Contudo a cada um destes objetos, além de nomeados, se deve associar
uma localização, ou seja, o objeto deve estar confinado num espaço
finito com inúmeros referenciais ao entorno, além de critérios de
validade que identifiquem suas propriedades e funções. A este
espaço que pode ser real ou imaginário se denomina espaço de
existência do objeto.
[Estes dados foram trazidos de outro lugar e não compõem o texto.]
Lemma cut_partition_trivial (C : pred nat) :
  (forall i, 0 < i < #|T| -> ~~ C i) -> #|cut_partition C| <= 1.
Proof.
move=> hC; have hl z : last_cut C (pos z) = 0.
  apply: last_cut_eq => // j /andP[j_gt0 j_le]; apply: hC.
  by rewrite j_gt0 (leq_ltn_trans j_le (pos_lt z)).
apply/card_le1_eqP => _ _ /imsetP[x _ ->] /imsetP[y _ ->].
by apply/eqP; rewrite cut_class_eq !hl.
Qed.

Lemma cut_class_rem (C : pred nat) j x : C j -> 0 < j ->
  let merged := [:: j; last_cut C j.-1] in
  cut_class (fun i => C i && (i != j)) x =
  if last_cut C (pos x) \in merged then [set y | last_cut C (pos y) \in merged]
  else cut_class C x.
Proof.
move=> Cj j_gt0 merged; apply/setP => w.
case: ifP => hx; rewrite !inE !last_cut_rem //; move: hx; rewrite !inE.
  by case/orP => /eqP->; rewrite ?eqxx ?if_same; case: (_ =P j) => [->|_]; rewrite ?eqxx.
case/norP => /negbTE aj ab; rewrite aj.
by case: (_ =P j) => [->|//]; rewrite eq_sym (negbTE ab) eq_sym aj.
Qed.

Lemma merge_cut_partition (C : pred nat) j : C j -> 0 < j < #|T| ->
  merge_step (cut_partition C) (cut_partition (fun i => C i && (i != j))).
Proof.
move=> Cj /andP[j_gt0 j_lt].
have [y ly] : exists y, last_cut C (pos y) = j.
  by have [y hy] := pos_surj j_lt; exists y; rewrite hy last_cut_id.
have [z lz] : exists z, last_cut C (pos z) = last_cut C j.-1.
  by have [z hz] := pos_surj (leq_ltn_trans (leq_pred j) j_lt); exists z; rewrite hz.
have bj : last_cut C j.-1 < j by have := last_cut_le C j.-1; lia.
have merged : [set w | last_cut C (pos w) \in [:: j; last_cut C j.-1]] =
              cut_class C y :|: cut_class C z.
  by apply/setP => w; rewrite !inE ly lz.
apply/existsP; exists (cut_class C y); rewrite imset_f //=.
apply/existsP; exists (cut_class C z); rewrite imset_f //=.
rewrite cut_class_eq ly lz neq_ltn bj orbT /=; apply/eqP/setP => W.
rewrite !inE; apply/imsetP/idP => [[x _ ->]|].
  rewrite cut_class_rem //; case: ifP => [_|]; first by rewrite merged eqxx orbT.
  by rewrite !inE !cut_class_eq ly lz imset_f // => /norP[/negbTE-> /negbTE->].
case/orP => [/and3P[Wy Wz /imsetP[x _ Wx]]|/eqP->].
  exists x => //; rewrite cut_class_rem // ifF // !inE.
  by move: Wy Wz; rewrite Wx !cut_class_eq ly lz => /negbTE-> /negbTE->.
by exists y => //; rewrite cut_class_rem // ly mem_head merged.
Qed.

Definition remaining_cuts (r : seq nat) k i := (0 < i < #|T|) && (i \notin take k r).

Lemma path_remaining_cuts (r : seq nat) :
  uniq r -> all (fun i => 0 < i < #|T|) r -> forall l k, k + l = size r ->
  path (@merge_step T) (cut_partition (remaining_cuts r k))
       [seq cut_partition (remaining_cuts r k') | k' <- iota k.+1 l].
Proof.
move=> r_uniq r_cuts; elim=> [|l IH] k kl //=.
have kr : k < size r by lia.
have r_k := allP r_cuts _ (mem_nth 0 kr).
rewrite IH ?addSnnS // andbT.
have -> : cut_partition (remaining_cuts r k.+1) =
          cut_partition (fun i => remaining_cuts r k i && (i != nth 0 r k)).
  apply: eq_cut_partition => i; rewrite /remaining_cuts (take_nth 0 kr) mem_rcons inE.
  by rewrite negb_or -!andbA [(i \notin _) && _]andbC.
have cut_k : remaining_cuts r k (nth 0 r k).
  by rewrite /remaining_cuts r_k in_take ?mem_nth // index_uniq // ltnn.
exact: merge_cut_partition cut_k r_k.
Qed.

Lemma singletons_remaining_cuts r : singletons T = cut_partition (remaining_cuts r 0).
Proof. by symmetry; apply: cut_partition_singletons => i; rewrite /remaining_cuts take0 => ->. Qed.

Lemma contraction_seq_remaining_cuts (r : seq nat) :
  uniq r -> all (fun i => 0 < i < #|T|) r -> (forall i, 0 < i < #|T| -> i \in r) ->
  contraction_seq [seq cut_partition (remaining_cuts r k) | k <- iota 1 (size r)].
Proof.
move=> r_uniq r_cuts r_all; rewrite /contraction_seq (singletons_remaining_cuts r).
rewrite path_remaining_cuts //= (last_map (fun k => cut_partition (remaining_cuts r k))).
rewrite last_iota add0n; apply: cut_partition_trivial => i i_cut.
by rewrite /remaining_cuts take_size r_all // i_cut.
Qed.

Lemma exists_contraction_seq : exists s : seq {set {set T}}, contraction_seq s.
Proof.
exists [seq cut_partition (remaining_cuts (iota 1 #|T|.-1) k) | k <- iota 1 (size (iota 1 #|T|.-1))].
apply: contraction_seq_remaining_cuts; rewrite ?iota_uniq //.
  by apply/allP => i; rewrite mem_iota; lia.
by move=> i; rewrite mem_iota; lia.
Qed.

Definition last_cut_ord (C : pred nat) x : 'I_#|T| :=
  Ordinal (leq_ltn_trans (last_cut_le C (pos x)) (pos_lt x)).

Lemma card_cut_classes_le (C : pred nat) (Y : {pred T}) (s : seq nat) :
  {in Y, forall y, last_cut C (pos y) \in s} -> #|[set cut_class C y | y in Y]| <= size s.
Proof.
move=> Ys; pose part (k : 'I_#|T|) := [set z | last_cut C (pos z) == k].
have -> : [set cut_class C y | y in Y] = part @: (last_cut_ord C @: Y).
  by rewrite -imset_comp; apply: eq_imset => y; apply/setP => z; rewrite !inE.
apply: leq_trans (leq_imset_card _ _) _.
apply: (@card_le_size _ _ val); first by move=> k k' _ _; exact: val_inj.
by move=> _ /imsetP[y yY ->]; exact: Ys.
Qed.

Variables (e : rel T) (d : nat).
Hypothesis forward_degree : forall v, #|[set w | e v w && (pos v < pos w)]| <= d.

Lemma forward_degree0_no_edge : symmetric e -> irreflexive e -> d = 0 ->
  forall x y, e x y = false.
Proof.
move=> e_sym e_irr d0 x y; apply/negP => exy.
have no_forward v w : e v w -> pos v < pos w -> False.
  move=> evw lt_vw; have := forward_degree v; rewrite d0 leqn0 cards_eq0.
  by move/eqP/setP/(_ w); rewrite !inE evw lt_vw.
case: (ltngtP (pos x) (pos y)) => [lt|gt|/pos_inj eq]; first exact: no_forward exy lt.
  by apply: no_forward gt; rewrite e_sym.
by rewrite eq e_irr in exy.
Qed.

Definition forward_nbhd (U : {set T}) := \bigcup_(v in U) [set w | e v w && (pos v < pos w)].

Lemma card_forward_nbhd U : #|forward_nbhd U| <= #|U| * d.
Proof.
rewrite -sum_nat_const; apply: (big_rec2 (fun (A : {set T}) n => #|A| <= n)).
  by rewrite cards0.
by move=> v A n _ hA; rewrite cardsU (leq_trans (leq_subr _ _)) // leq_add.
Qed.

(* A red edge to a later interval ends at a forward neighbour of [cut_class C x]. *)
Lemma red_degree_cut_class (C : pred nat) x :
  red_degree e (cut_partition C) (cut_class C x) <=
  #|[set cut_class C y | y in [set y | last_cut C (pos y) < last_cut C (pos x)]]| +
  #|cut_class C x| * d.
Proof.
set X := cut_class C x; set Left := [set cut_class C y | y in _].
apply: leq_trans (_ : #|Left :|: [set cut_class C w | w in forward_nbhd X]| <= _).
  apply: subset_leq_card; apply/subsetP => W; rewrite inE => /andP[/imsetP[y _ ->]].
  rewrite cut_class_eq => /andP[hne /andP[/existsP[v /andP[vX /existsP[w /andP[wy evw]]]] _]].
  move: vX wy; rewrite !inE => /eqP vx /eqP wy.
  case: (ltngtP (last_cut C (pos y)) (last_cut C (pos x))) => [lt|gt|eq].
  - by apply/orP; left; apply/imsetP; exists y; rewrite ?inE.
  - apply/orP; right; apply/imsetP; exists w; last first.
      by apply/eqP; rewrite cut_class_eq wy.
    apply/bigcupP; exists v; rewrite !inE ?vx ?evw //=.
    by rewrite ltnNge; apply/negP => /(last_cut_mono C); rewrite vx wy; lia.
  - by rewrite eq eqxx in hne.
rewrite cardsU (leq_trans (leq_subr _ _)) // leq_add2l.
exact: leq_trans (leq_imset_card _ _) (card_forward_nbhd X).
Qed.

Variable m : nat.
Hypotheses (d_gt0 : 0 < d) (m_gt0 : 0 < m) (blocks_cover : 2 * #|T| <= d * m * m.+1).

Lemma red_degree_block_cuts (C : pred nat) :
  (forall i, C i -> i \in block_starts d m) ->
  forall U, U \in cut_partition C -> red_degree e (cut_partition C) U <= d * m + d - 1.
Proof.
move=> C_starts U PU; rewrite /red_degree.
apply: leq_trans (_ : #|cut_partition C :\ U| <= _).
  by apply: subset_leq_card; apply/subsetP => W; rewrite !inE => /andP[-> /andP[-> _]].
have : #|cut_partition C| <= d * m.
  rewrite -[d * m](size_iota 0) -(size_map (block_start d m)).
  apply: card_cut_classes_le => y _.
  by case/orP: (last_cut_is_cut C (pos y)) => [/eqP->|/C_starts//]; exact: zero_in_block_starts.
by rewrite (cardsD1 U) PU; lia.
Qed.

(* During the first phase every vertex up to [t] has been merged into its block. *)
Section FirstPhase.
Variables (C : pred nat) (t : nat).
Hypothesis C_def : forall i, 0 < i < #|T| -> C i = (i \in block_starts d m) || (t < i).

Lemma first_phase_last_cut_start y :
  last_cut C (pos y) <= t -> last_cut C (pos y) \in block_starts d m.
Proof.
move=> le_t; have [->|lab_gt0] := posnP (last_cut C (pos y)); first exact: zero_in_block_starts.
have lab_lt : last_cut C (pos y) < #|T| := leq_ltn_trans (last_cut_le C (pos y)) (pos_lt y).
have := last_cut_is_cut C (pos y); rewrite gtn_eqF //= C_def ?lab_gt0 //=.
by case/orP => //; lia.
Qed.

Lemma first_phase_singleton y : t < last_cut C (pos y) -> cut_class C y = [set y].
Proof.
have lab_pos w : t < last_cut C (pos w) -> last_cut C (pos w) = pos w.
  move=> lt_lab; have le_pos := last_cut_le C (pos w).
  apply: last_cut_id; rewrite C_def; first by apply/orP; right; lia.
  by rewrite pos_lt andbT; lia.
move=> lt_y; apply/setP => z; rewrite !inE; apply/eqP/eqP => [lab_zy|->//].
have lt_z : t < last_cut C (pos z) by rewrite lab_zy.
by apply: pos_inj; rewrite -(lab_pos z lt_z) -(lab_pos y lt_y) lab_zy.
Qed.

Lemma first_phase_block_card l x : l < d * m ->
  last_cut C (pos x) = block_start d m l -> #|cut_class C x| <= block_size d m l.
Proof.
move=> l_lt lab_x; rewrite -[block_size d m l](size_iota (block_start d m l)).
apply: (@card_le_size _ _ pos); first by move=> y z _ _; exact: pos_inj.
move=> y; rewrite inE lab_x => /eqP lab_y; rewrite mem_iota -block_startS.
rewrite -lab_y last_cut_le /= ltnNge; apply/negP => next_le.
have [l1_lt|l1_ge] := ltnP l.+1 (d * m).
  have cut_next : C (block_start d m l.+1).
    rewrite C_def ?map_f ?mem_iota //; have := block_start_ltS d_gt0 l_lt; have := pos_lt y; lia.
  have := @not_cut_gt_last_cut C (pos y) (block_start d m l.+1).
  by rewrite lab_y block_start_ltS // next_le cut_next => /(_ isT).
have := block_starts_cover d_gt0 blocks_cover; have := pos_lt y.
have -> : d * m = l.+1 by lia.
lia.
Qed.

Lemma red_degree_first_phase U :
  U \in cut_partition C -> red_degree e (cut_partition C) U <= d * m + d - 1.
Proof.
case/imsetP=> x _ ->; have [le_t|lt_t] := leqP (last_cut C (pos x)) t.
  have /mapP[l] := first_phase_last_cut_start le_t.
  rewrite mem_iota add0n => l_lt lab_x.
  apply: leq_trans (red_degree_cut_class C x) _.
  apply: leq_trans (block_budget d_gt0 l_lt); rewrite mulnC leq_add ?leq_mul //.
    rewrite -[l in _ <= l](size_iota 0) -(size_map (block_start d m)).
    apply: card_cut_classes_le => y; rewrite inE => lt_x.
    have /mapP[k] := first_phase_last_cut_start (ltnW (leq_trans lt_x le_t)).
    rewrite mem_iota => _ lab_y; rewrite lab_y map_f // mem_iota add0n.
    move: lt_x; rewrite lab_x lab_y; apply: contraLR; rewrite -!leqNgt.
    exact: leq_block_start.
  exact: first_phase_block_card.
rewrite first_phase_singleton //.
apply: leq_trans (_ : #|[set cut_class C y | y in [set y | last_cut C (pos y) <= t]]| <= _).
  apply: subset_leq_card; apply/subsetP => W; rewrite inE => /andP[/imsetP[y _ ->]].
  case/andP => _ red; apply/imsetP; exists y => //; rewrite inE leqNgt; apply/negP => lt_y.
  by rewrite first_phase_singleton // red_edge_singletons in red.
apply: leq_trans (_ : size (block_starts d m) <= _); last by rewrite size_map size_iota; lia.
by apply: card_cut_classes_le => y; rewrite inE; exact: first_phase_last_cut_start.
Qed.

End FirstPhase.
Portanto, todo objeto passível de ser
referenciado nominalmente, e confinado num espaço finito com
inúmeros referenciais ao entorno, também é finito e representa um
nome comum, por outro lado, algo que não possa ser referenciado
dentro dos limites de um espaço finito real ou imaginário, não
pode receber um nome!
Objetos
concretos, abstratos e imaginários.
Desde
que haja objeto abstrato, sua localização está num espaço
imaginário, nesse caso um objeto abstrato, confinado num espaço
imaginário, embora não tenha um corpo físico, todavia tem um
formato imaginário, que da mesma forma pode ser referenciado por
inúmeros referenciais reais ao entorno. De acordo com este paradigma
se pode referenciar um objeto imaginário, por exemplo, uma
singularidade num espaço real, e um objeto real e abstrato, num
espaço imaginário. Por exemplo o amor: “É um objeto real, fixo,
impessoal e abstrato, nomeado, que pode ser referenciado num espaço
imaginário por inúmeros seres (referenciais) reais ao entorno”.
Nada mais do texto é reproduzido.